Usually, when we embark on these excursions into Mansion backgrounds, we wander far and wide, but in this case I don't think that is necessary. "The Dark Forest" as an archetype in dreams, myths, and legends is a rich topic, but in this brief scene I don't think the HM Imagineers went beyond the boundaries of Snow White any more than Ichabod did. It's the Dark Forest as distilled through that one source. I will cite one influence behind Snow White's scary forest, however, because it's quite possible the HM Imagineers were directly familiar with it.
Swedish illustrator Gustaf Tenggren was hired by Disney in 1936 and was a major influence on the look and feel of Snow White, bringing an Old World, fairy-tale storybook ambience to the film. Tenggren's influence on the Snow White forest scenes was particularly strong. Compare this 1937 Snow White sketch to a sketch he did in 1924.
Snow White's Scary Adventures
Between the film version of Snow White and the Haunted Mansion, however, came Snow White's Scary Adventures (that's the current name; it's had several), so in this case the animated feature had already been translated into a dark ride before the Haunted Mansion came along, and that ride in turn exercised its own direct influence on the future attraction. Claude Coats worked on Scary Adventures, which was largely designed by Ken Anderson.
A comparison of the movie artwork with the painted flats and fully-dimensional trees in the original 1955 dark ride shows that the Imagineers wanted to preserve the look of the film in the forest scene.
Not only that, but the trees in the HM were originally going to be animated, like the trees in the Snow White ride. Note the references to "MECHANICAL TREES" on the blueprint. This is from the spring of 1969, so that effect may have been scrapped pretty late in the game. We don't know why. Technical problems? Cost overruns? Manpower shortage? Or was it thought to be too obviously a Scary Adventures retread?
in the Snow White ride, a further attempt to replicate what you find in the movie.
concept sketches, he puts faces on the graveyard trees.

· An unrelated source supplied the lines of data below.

(* Let $\mathbf f=(f_1,\dots,f_n)$ be a strongly generic $n$-tuple with $R[\mathbf f]=R$. Assume $\mathbf g=(g_1,\dots,g_n)\in\mathcal G_{00}^n$ is such that for all $(i,j)\in R$, $g_i\to f_j$ and $f_i\to g_j$ in $\Gamma_{\mathcal G}$. For $(x_1,\dots,x_n)\in(0,1]^n$ let $h_i=x_if_i+(1-x_i)g_i$. Then $\mathbf h=(h_1,\dots,h_n)$ is strongly generic and $R[\mathbf h]=R$.
   Context: $\mathcal G$ is the group of strictly increasing continuous maps $f:[-1,1]\to[-1,1]$ with $f(\pm1)=\pm1$; $\mathcal G_0=\{f\in\mathcal G:\int_{-1}^1f=0\}$; $\mathcal G_{00}$ the odd elements of $\mathcal G$. $f^e(t)=\tfrac12(f(t)+f(-t))$; $Q(f,g)=\int_{-1}^1f(g^{-1}(t))\,dt$. The digraph $\Gamma_{\mathcal G}$: $f\to g$ iff $Q(g,f)>0$. $R[\mathbf f]$ is the digraph on $[n]$ with $(i,j)\in R[\mathbf f]$ iff $Q(f_j,f_i)>0$. $\mathbf f\in\mathcal G_0^n$ is strongly generic if $\{f_1^e,\dots,f_n^e\}$ is linearly independent and $Q(f_i,f_j)\ne0$ for all $i\ne j$. *)

From Stdlib Require Import Reals Lra ClassicalEpsilon.
From Coquelicot Require Import Coquelicot.
Open Scope R_scope.

Definition I11 (t : R) : Prop := -1 <= t <= 1.

Definition cont_on_I (f : R -> R) : Prop :=
  forall t, I11 t -> forall eps, 0 < eps -> exists delta, 0 < delta /\
    forall s, I11 s -> Rabs (s - t) < delta -> Rabs (f s - f t) < eps.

But it is equally possible that the blueprint is referring to the eyes that were put into the seven trees. I think most Disneylanders know that the eyes are there, but hey, how come you never see an organized photo spread with all seven identified? Once again it falls to us at Long-Forgotten to perform a shamefully neglected task. Here ya go, kids, and the numbers are even matched to the blueprint above for easy reference.

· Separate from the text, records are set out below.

(* Approximate f by the elements of the span and use the continuity of the
   inner product: <T_v g, f> = <T_v g, f - h> is as small as f - h. *)
Lemma cspan_sub_ker_adj v f : l2 v -> cspan (lhs_set v) f -> ker_adj (Tcre v) f.
Proof.
move=> hv [hf Happ]; split => //; split=> [|g hg]; first exact: l2_0.
rewrite inner0r //; have hp := Tcre_l2 hv hg.
set K := (fine (sqnorm (Tcre v g)) + 1) / 2.
have K0 : 0 <= K.
  by have := l2_sum_le (s := [::]) hp isT; rewrite big_nil /K => N0; rewrite divr_ge0 // addr_ge0.
have main e : 0 < e ->
    `|Re (inner (Tcre v g) f)| <= e * K /\ `|Im (inner (Tcre v g) f)| <= e * K.
  move=> e0; have [h hh hsm] := Happ e e0.
  have lfh : l2 (fun u => f u - h u) by rewrite /l2 (lt_trans hsm) ?ltry.
  have H := has_sumCD (has_sumC_inner hp lfh) (lspan_orth_Ran hv hg hh).
  rewrite addr0 in H.
  have -> : inner (Tcre v g) f = inner (Tcre v g) (fun u => f u - h u).
    apply: has_sumC_unique (has_sumC_inner hp hf) (eq_has_sumC _ H) => t.
    by rewrite -mulrDr rmorphB subrK.
  exact: norm_ReIm_inner_small.
by apply: complex_ext; apply: eq0_norm_le_mul K0 _ => e e0; case: (main e e0).
Qed.

End KernelInclusions.

Arguments delta {R I}.

Section KernelSpan.
Variables (R : realType) (I : choiceType).
Local Notation C := R[i].
Local Notation W := (seq I).
Implicit Types (v w : I -> C) (f g h : W -> C).

Lemma has_sum_rcons (xi : W) (a : W -> R) (b : I -> R) l :
  (forall u, (forall i, u != rcons xi i) -> a u = 0) -> (forall i, a (rcons xi i) = b i) ->
  has_sum b l -> has_sum a l.
Proof.
move=> a0 ab Hb e e0; have [s0 S] := Hb e e0.
pose pr u := if unrcons u is Some p then (if p.1 == xi then Some p.2 else None) else None.
have prK : ocancel pr (rcons xi).
  move=> u; have := unrconsK u; rewrite /pr.
  by case: unrcons => // -[b' i] /= <-; case: eqP => // ->.
have a_pr u : a u = oapp b 0 (pr u).
  case E : (pr u) => [i|] /=; first by have := prK u; rewrite E /= => <-; exact: ab.
  by apply: a0 => i; apply/eqP => ui; move: E; rewrite ui /pr unrcons_rcons /= eqxx.
exists (map (rcons xi) s0) => s us sub.
rewrite (eq_bigr _ (fun u _ => a_pr u)) sum_pmap; apply: S; first exact: pmap_uniq prK _ us.
move=> i hi; rewrite mem_pmap; apply/mapP; exists (rcons xi i).
  by apply: sub; apply/mapP; exists i.
by rewrite /pr unrcons_rcons /= eqxx.
Qed.

Lemma has_sumC_rcons (xi : W) (a : W -> C) (b : I -> C) l :
  (forall u, (forall i, u != rcons xi i) -> a u = 0) -> (forall i, a (rcons xi i) = b i) ->
  has_sumC b l -> has_sumC a l.
Proof.
move=> a0 ab [HR HI].
split; [apply: has_sum_rcons HR | apply: has_sum_rcons HI];
  by [move=> u /a0 /= ->|move=> i /=; rewrite ab].
Qed.

Definition slice f (xi : W) : I -> C := fun i => f (rcons xi i).

Lemma slice_l2 f xi : l2 f -> l2 (slice f xi).
Proof.
move=> hf; apply: (@l2_of_sums_le _ _ _ (fine (sqnorm f))) => s us.
rewrite /slice -(big_map (rcons xi) xpredT (fun u => sqmod (f u))); apply: l2_sum_le => //.
by rewrite map_inj_uniq // => i j /rcons_inj [].
Qed.

Lemma slice_orth v f xi : l2 v -> l2 f ->
  inner (Tcre v (delta xi)) f = 0 -> inner (slice f xi) v = 0.
Proof.
move=> hv hf h0.
have H1 : has_sumC (fun i => v i * conjc (slice f xi i)) (conjc (inner (slice f xi) v)).
  have := has_sumC_conj (has_sumC_inner (slice_l2 xi hf) hv).
  by apply: eq_has_sumC => i; exact: conjc_mul_conj.
have H2 : has_sumC (fun u => Tcre v (delta xi) u * conjc (f u)) (conjc (inner (slice f xi) v)).
  apply: (has_sumC_rcons (xi := xi)) H1 => [[|x s] ne|i]; first by rewrite Tcre_nil mul0r.
    rewrite lastI Tcre_rcons /delta; case: eqP => [e|]; last by rewrite !mul0r.
    by have := ne (last x s); rewrite -e -lastI eqxx.
  by rewrite Tcre_rcons /delta eqxx mul1r.
have := has_sumC_unique (has_sumC_inner (Tcre_l2 hv (delta_l2 R xi)) hf) H2.
by rewrite h0 => /(congr1 conjc); rewrite conjcK conjc0.
Qed.

Definition trunc f (Bs : seq W) : W -> C := fun u =>
  if unrcons u is Some p then (if p.1 \in Bs then f u else 0) else f [::].

Definition trunc_part f (Bs : seq W) (k : nat) : W -> C :=
  if k is j.+1 then Tcre (slice f (nth [::] Bs j)) (delta (nth [::] Bs j))
  else fun u => f [::] * Omega R u.

Lemma sum_trunc_part f Bs u : uniq Bs ->
  \sum_(k < (size Bs).+1) trunc_part f Bs k u = trunc f Bs u.
Proof.
move=> uB; rewrite big_ord_recl /=.
pose F xi := Tcre (slice f xi) (delta xi) u.
rewrite (eq_bigr (fun k : 'I_(size Bs) => F (nth [::] Bs k))) //.
rewrite -(big_mkord xpredT (fun k => F (nth [::] Bs k))) -(big_nth [::] xpredT F) {}/F.
case: u => [|x s]; first by rewrite big1 ?addr0 ?mulr1 // => *; rewrite Tcre_nil.
rewrite /Omega /= mulr0 add0r lastI.
rewrite (eq_bigr (fun xi => if xi == belast x s then f (rcons (belast x s) (last x s)) else 0)).
  by rewrite sum_pred1 // /trunc unrcons_rcons.
by move=> xi _; rewrite /delta eq_sym; case: eqP => [->|]; rewrite ?mul1r ?mul0r.
Qed.

Lemma trunc_lspan v f Bs : l2 v -> l2 f -> uniq Bs ->
  (forall xi, inner (Tcre v (delta xi)) f = 0) -> lspan (lhs_set v) (trunc f Bs).
Proof.
move=> hv hf uB hk; exists (size Bs).+1, (fun=> 1), (fun k => trunc_part f Bs k); split.
  case=> [[|j] hj] /=; first by left; exists (f [::]).
  right; exists (slice f (nth [::] Bs j)); first by split; [exact: slice_l2 | exact: slice_orth].
  by exists (delta (nth [::] Bs j)) => //; exact: delta_l2.
by apply: funext => u; rewrite -(sum_trunc_part f u uB); apply: eq_bigr => k _; rewrite mul1r.
Qed.

Lemma sqnorm_sub_trunc_le f (Bs s0 : seq W) : l2 f -> uniq s0 ->
  {subset map fst (pmap unrcons s0) <= Bs} ->
  (sqnorm (fun u => (f u - trunc f Bs u)%R) <=
    (fine (sqnorm f) - \sum_(u <- s0) sqmod (f u))%:E)%E.
Proof.
move=> hf us0 sB.
pose out u := if unrcons u is Some p then p.1 \notin Bs else false.
have errE u : sqmod (f u - trunc f Bs u) = if out u then sqmod (f u) else 0.
  rewrite /out /trunc; case: u => [|x s] /=; first by rewrite subrr sqmod0.
  by case: ifP => _; rewrite ?subrr ?sqmod0 ?subr0.
apply: esum_le_sums => [t|s us]; first exact: sqmod_ge0.
rewrite (eq_bigr _ (fun u _ => errE u)) -big_mkcond -big_filter.
have hcat : uniq ([seq x <- s | out x] ++ s0).
  rewrite cat_uniq filter_uniq // us0 andbT /=; apply/hasPn => x hx.
  rewrite mem_filter negb_and /out; apply/orP; left.
  case E : (unrcons x) => [[b i]|] //=; rewrite negbK; apply: sB; apply/mapP.
  by exists (b, i) => //; rewrite mem_pmap; apply/mapP; exists x.
by have := l2_sum_le hf hcat; rewrite big_cat /=; lra.
Qed.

You're passing through a dense thicket, you see. (This is WDW, but Anaheim's railings are similar.)
Whoops, can't go that way.
That way doesn't look too good either.
Here's a side-by-side that shows the dramatic contrast
Heh. Reminds me of Flowers and Trees.
It's difficult to say whether one is better than the other. One is a dark cavern, the other seems more like a prison cell with bars.
The differences between the two sets represent further steps away from Snow White, but it's not possible to know if that was the motive. It could all be coincidental; nevertheless the differences between the blueprints and the production figures, and even more so the differences between Anaheim and Orlando, consistently go in that direction.
Falling Off the Roof
Some people have interpreted this as a fatal fall, so that you are now one of them as you make your way through the graveyard jamboree. But the ghosts still ignore you, except for the popup ghosts, who are still trying to scare you, and nothing the Ghost Host says later on suggests a change in your condition. Why you survive the fall unharmed is not explained. One supposes that the same force that compelled you to move through the house (represented by the doombuggy) buoyed you up safely as you softly descended.